Work request: Return the lines of the data below in which the string "pvar" occurs.

Stored dataset items
(* Setting: $\mathcal{I}$ and $\mathcal{J}$ are finite sets; for each $i\in\mathcal{I}$, $\mathcal{A}_i$ is a finite set with $|\mathcal{A}_i|\ge2$; for each $j\in\mathcal{J}$, $\mathcal{I}_j\subseteq\mathcal{I}$, and $\mathcal{J}_i=\{j\in\mathcal{J}: i\in\mathcal{I}_j\}$. Let $\mathcal{L}=\{j\in\mathcal{J}:|\mathcal{I}_j|\ge2\}$ and $\mathcal{Y}=\{i\in\mathcal{I}:\exists j\in\mathcal{J}_i \text{ with } |\mathcal{I}_j|=1\}$. For $i\in\mathcal{Y}$ let $h_i:\mathcal{A}_i\to(0,\infty)$, and for each $j\in\mathcal{L}$ let $\mathcal{B}_j\subseteq\prod_{i\in\mathcal{I}_j}\mathcal{A}_i$ (elements written $\mathbf{b}=(b_i)_{i\in\mathcal{I}_j}$). Let $\mathcal{B}=\{\mathbf{x}\in\prod_{i\in\mathcal{I}}\mathcal{A}_i:(x_i)_{i\in\mathcal{I}_j}\in\mathcal{B}_j\ \forall j\in\mathcal{L}\}$, and assume $\mathbf{P}_{\mathcal{Y}}:\mathbf{x}\mapsto(x_i)_{i\in\mathcal{Y}}$ is injective on $\mathcal{B}$. For each $i\in\mathcal{I}$ fix $\alpha_i\in\mathcal{A}_i$, let $\mathcal{A}_i^-=\mathcal{A}_i\setminus\{\alpha_i\}$, and for $i\in\mathcal{I}\setminus\mathcal{Y}$ fix $t_i\in\mathcal{J}_i$. Relaxed LP A (variables $\tilde g_i^{(\alpha)}$ for $i\in\mathcal{Y},\alpha\in\mathcal{A}_i^-$, and $p_{j,\mathbf{b}}$ for $j\in\mathcal{L},\mathbf{b}\in\mathcal{B}_j$): maximize $\sum_{i\in\mathcal{Y}}\sum_{\alpha\in\mathcal{A}_i^-}\log\frac{h_i(\alpha)}{h_i(\alpha_i)}\,\tilde g_i^{(\alpha)}$ over the polytope $\tilde{\mathcal{Q}}$ given by: $p_{j,\mathbf{b}}\ge0$ for all $j\in\mathcal{L},\mathbf{b}\in\mathcal{B}_j$; $\sum_{\mathbf{b}\in\mathcal{B}_j}p_{j,\mathbf{b}}=1$ for all $j\in\mathcal{L}$; $\tilde g_i^{(\alpha)}=\sum_{\mathbf{b}\in\mathcal{B}_j,b_i=\alpha}p_{j,\mathbf{b}}$ for all $i\in\mathcal{Y}$, $j\in\mathcal{J}_i\cap\mathcal{L}$, $\alpha\in\mathcal{A}_i^-$; and $\sum_{\mathbf{b}\in\mathcal{B}_j,b_i=\alpha}p_{j,\mathbf{b}}=\sum_{\mathbf{b}\in\mathcal{B}_{t_i},b_i=\alpha}p_{t_i,\mathbf{b}}$ for all $i\in\mathcal{I}\setminus\mathcal{Y}$, $j\in\mathcal{J}_i\setminus\{t_i\}$, $\alpha\in\mathcal{A}_i^-$. If the LP solution $(\tilde{\mathbf{g}}_{\mathrm{out}},\mathbf{p})$ is integral (all coordinates integers), the receiver outputs $\mathbf{x}_{\mathrm{out}}=\mathbf{P}_{\mathcal{Y}}^{-1}(\tilde{\boldsymbol{\Xi}}^{-1}(\tilde{\mathbf{g}}_{\mathrm{out}}))$, where $\tilde{\boldsymbol{\Xi}}(\mathbf{x}_{\mathcal{Y}})=(([\gamma=x_i])_{\gamma\in\mathcal{A}_i^-})_{i\in\mathcal{Y}}$; otherwise it reports a receiver failure. Relaxed LP B (variables $g_i^{(\alpha)}$ for $i\in\mathcal{I},\alpha\in\mathcal{A}_i$, and $p_{j,\mathbf{b}}$ as before): maximize $\sum_{i\in\mathcal{Y}}\sum_{\alpha\in\mathcal{A}_i}\log h_i(\alpha)\,g_i^{(\alpha)}$ over the polytope $\mathcal{Q}$ given by: $p_{j,\mathbf{b}}\ge0$; $\sum_{\mathbf{b}\in\mathcal{B}_j}p_{j,\mathbf{b}}=1$ for all $j\in\mathcal{L}$; and $g_i^{(\alpha)}=\sum_{\mathbf{b}\in\mathcal{B}_j,b_i=\alpha}p_{j,\mathbf{b}}$ for all $j\in\mathcal{L}$, $i\in\mathcal{I}_j$, $\alpha\in\mathcal{A}_i$. If the LP solution $(\bar{\mathbf{g}}_{\mathrm{out}},\mathbf{p})$ is integral, the receiver outputs $\mathbf{x}_{\mathrm{out}}=\bar{\boldsymbol{\Xi}}^{-1}(\bar{\mathbf{g}}_{\mathrm{out}})$, where $\bar{\boldsymbol{\Xi}}(\mathbf{x})=(([\gamma=x_i])_{\gamma\in\mathcal{A}_i})_{i\in\mathcal{I}}$; otherwise it reports a receiver failure. Claim: LP B produces the same output (configuration or receiver failure) as LP A. Moreover, if the receiver output is a configuration, then it is the optimum configuration, i.e. $\mathbf{x}_{\mathrm{out}}\in\mathcal{B}$ and $\mathbf{x}_{\mathrm{out}}=\mathbf{x}_{\mathrm{opt}}$, where $\mathbf{x}_{\mathrm{opt}}$ maximizes $\sum_{i\in\mathcal{Y}}\log h_i(x_i)$ over $\mathbf{x}\in\mathcal{B}$.
   Context: $[P]$ denotes $1$ if the predicate $P$ holds and $0$ otherwise. The setting models maximization of a product of functions $u(\mathbf{x})=\prod_{i\in\mathcal{Y}}h_i(x_i)\prod_{j\in\mathcal{L}}[(x_i)_{i\in\mathcal{I}_j}\in\mathcal{B}_j]$ described by a factor graph, where pendant (degree-one) factor nodes are collected into the positive functions $h_i$ and every non-pendant factor node $j\in\mathcal{L}$ is the indicator function of a local behaviour $\mathcal{B}_j$; the optimum configuration $\mathbf{x}_{\mathrm{opt}}$ maximizes $u$. $\mathbf{P}_{\mathcal{Y}}^{-1}$ denotes the inverse of $\mathbf{P}_{\mathcal{Y}}$ restricted to $\mathcal{B}$. *)

From HB Require Import structures.
From mathcomp Require Import all_boot all_order all_algebra.
From mathcomp Require Import all_classical all_reals all_analysis.
Set Implicit Arguments. Unset Strict Implicit. Unset Printing Implicit Defensive.
Import Order.TTheory GRing.Theory Num.Theory.
Local Open Scope ring_scope.

Section Setting.
Variable R : realType.
Variables (I J : finType) (A : I -> finType) (Ij : J -> {set I}).

Definition lconf (j : J) := {dffun forall k : {x : I | x \in Ij j}, A (val k)}.
Definition conf := forall i : I, A i.

(* b_i for i in I_j (None if i is not in I_j) *)
Definition lc_at (j : J) (b : lconf j) (i : I) : option (A i) :=
  (if i \in Ij j as c return ((i \in Ij j) = c -> option (A i))
   then fun H => Some (b (exist (fun x => x \in Ij j) i H))
   else fun _ => None) (erefl _).

Definition restr (j : J) (x : conf) : lconf j :=
  @finfun _ (fun k : {x : I | x \in Ij j} => A (val k)) (fun k => x (val k)).

Definition Lset : {set J} := [set j | (1 < #|Ij j|)%N].
Definition Yset : {set I} := [set i | [exists j, (i \in Ij j) && (#|Ij j| == 1)%N]].
Definition Jset (i : I) : {set J} := [set j | i \in Ij j].

Variable Bj : forall j : J, {set lconf j}.

Definition inB (x : conf) : Prop := forall j, j \in Lset -> restr j x \in Bj j.

(* LP variables: coordinates outside the index sets of the paper are unused *)
Definition gvar := forall i : I, A i -> R.
Definition pvar := forall j : J, lconf j -> R.

(* h is only used for i in Y *)
Variables (h : gvar) (alpha : conf) (t : I -> J).
Arguments h : clear implicits.

Definition marg (p : pvar) (j : J) (i : I) (a : A i) : R :=
  \sum_(b in Bj j | lc_at b i == Some a) p j b.

Definition p_ok (p : pvar) : Prop :=
  (forall j, j \in Lset -> forall b, b \in Bj j -> 0 <= p j b) /\
  (forall j, j \in Lset -> \sum_(b in Bj j) p j b = 1).

Definition QA (g : gvar) (p : pvar) : Prop :=
  p_ok p /\
  (forall i, i \in Yset -> forall j, j \in Jset i -> j \in Lset ->
     forall a : A i, a != alpha i -> g i a = marg p j a) /\
  (forall i, i \notin Yset -> forall j, j \in Jset i -> j != t i ->
     forall a : A i, a != alpha i -> marg p j a = marg p (t i) a).

Definition QB (g : gvar) (p : pvar) : Prop :=
  p_ok p /\
  (forall j, j \in Lset -> forall i, i \in Ij j ->
     forall a : A i, g i a = marg p j a).

Definition objA (g : gvar) : R :=
  \sum_(i in Yset) \sum_(a : A i | a != alpha i) ln (h i a / h i (alpha i)) * g i a.

Definition objB (g : gvar) : R :=
  \sum_(i in Yset) \sum_(a : A i) ln (h i a) * g i a.

Definition optA (g : gvar) (p : pvar) : Prop :=
  QA g p /\ forall g' p', QA g' p' -> objA g' <= objA g.
Definition optB (g : gvar) (p : pvar) : Prop :=
  QB g p /\ forall g' p', QB g' p' -> objB g' <= objB g.

Definition p_int (p : pvar) : Prop :=
  forall j, j \in Lset -> forall b, b \in Bj j -> p j b \is a Num.int.

Definition intA (g : gvar) (p : pvar) : Prop :=
  (forall i, i \in Yset -> forall a : A i, a != alpha i -> g i a \is a Num.int) /\ p_int p.
Definition intB (g : gvar) (p : pvar) : Prop :=
  (forall i (a : A i), g i a \is a Num.int) /\ p_int p.

(* receiver outputs configuration x:
   LP A: x = P_Y^{-1}(Xi~^{-1}(g)), i.e. x in B and Xi~(P_Y x) = g;
   LP B: x = Xibar^{-1}(g), i.e. Xibar(x) = g. *)
Definition outA (g : gvar) (p : pvar) (x : conf) : Prop :=
  intA g p /\ inB x /\
  (forall i, i \in Yset -> forall a : A i, a != alpha i -> g i a = (x i == a)%:R).
Definition outB (g : gvar) (p : pvar) (x : conf) : Prop :=
  intB g p /\ (forall i (a : A i), g i a = (x i == a)%:R).

Definition score (x : conf) : R := \sum_(i in Yset) ln (h i (x i)).

Definition is_opt_conf (x : conf) : Prop :=
  inB x /\ forall y, inB y -> score y <= score x.

End Setting.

Answer below:
Definition pvar := forall j : J, lconf j -> R.
Definition marg (p : pvar) (j : J) (i : I) (a : A i) : R :=
Definition p_ok (p : pvar) : Prop :=
Definition QA (g : gvar) (p : pvar) : Prop :=
Definition QB (g : gvar) (p : pvar) : Prop :=
Definition optA (g : gvar) (p : pvar) : Prop :=
Definition optB (g : gvar) (p : pvar) : Prop :=
Definition p_int (p : pvar) : Prop :=
Definition intA (g : gvar) (p : pvar) : Prop :=
Definition intB (g : gvar) (p : pvar) : Prop :=
Definition outA (g : gvar) (p : pvar) (x : conf) : Prop :=
Definition outB (g : gvar) (p : pvar) (x : conf) : Prop :=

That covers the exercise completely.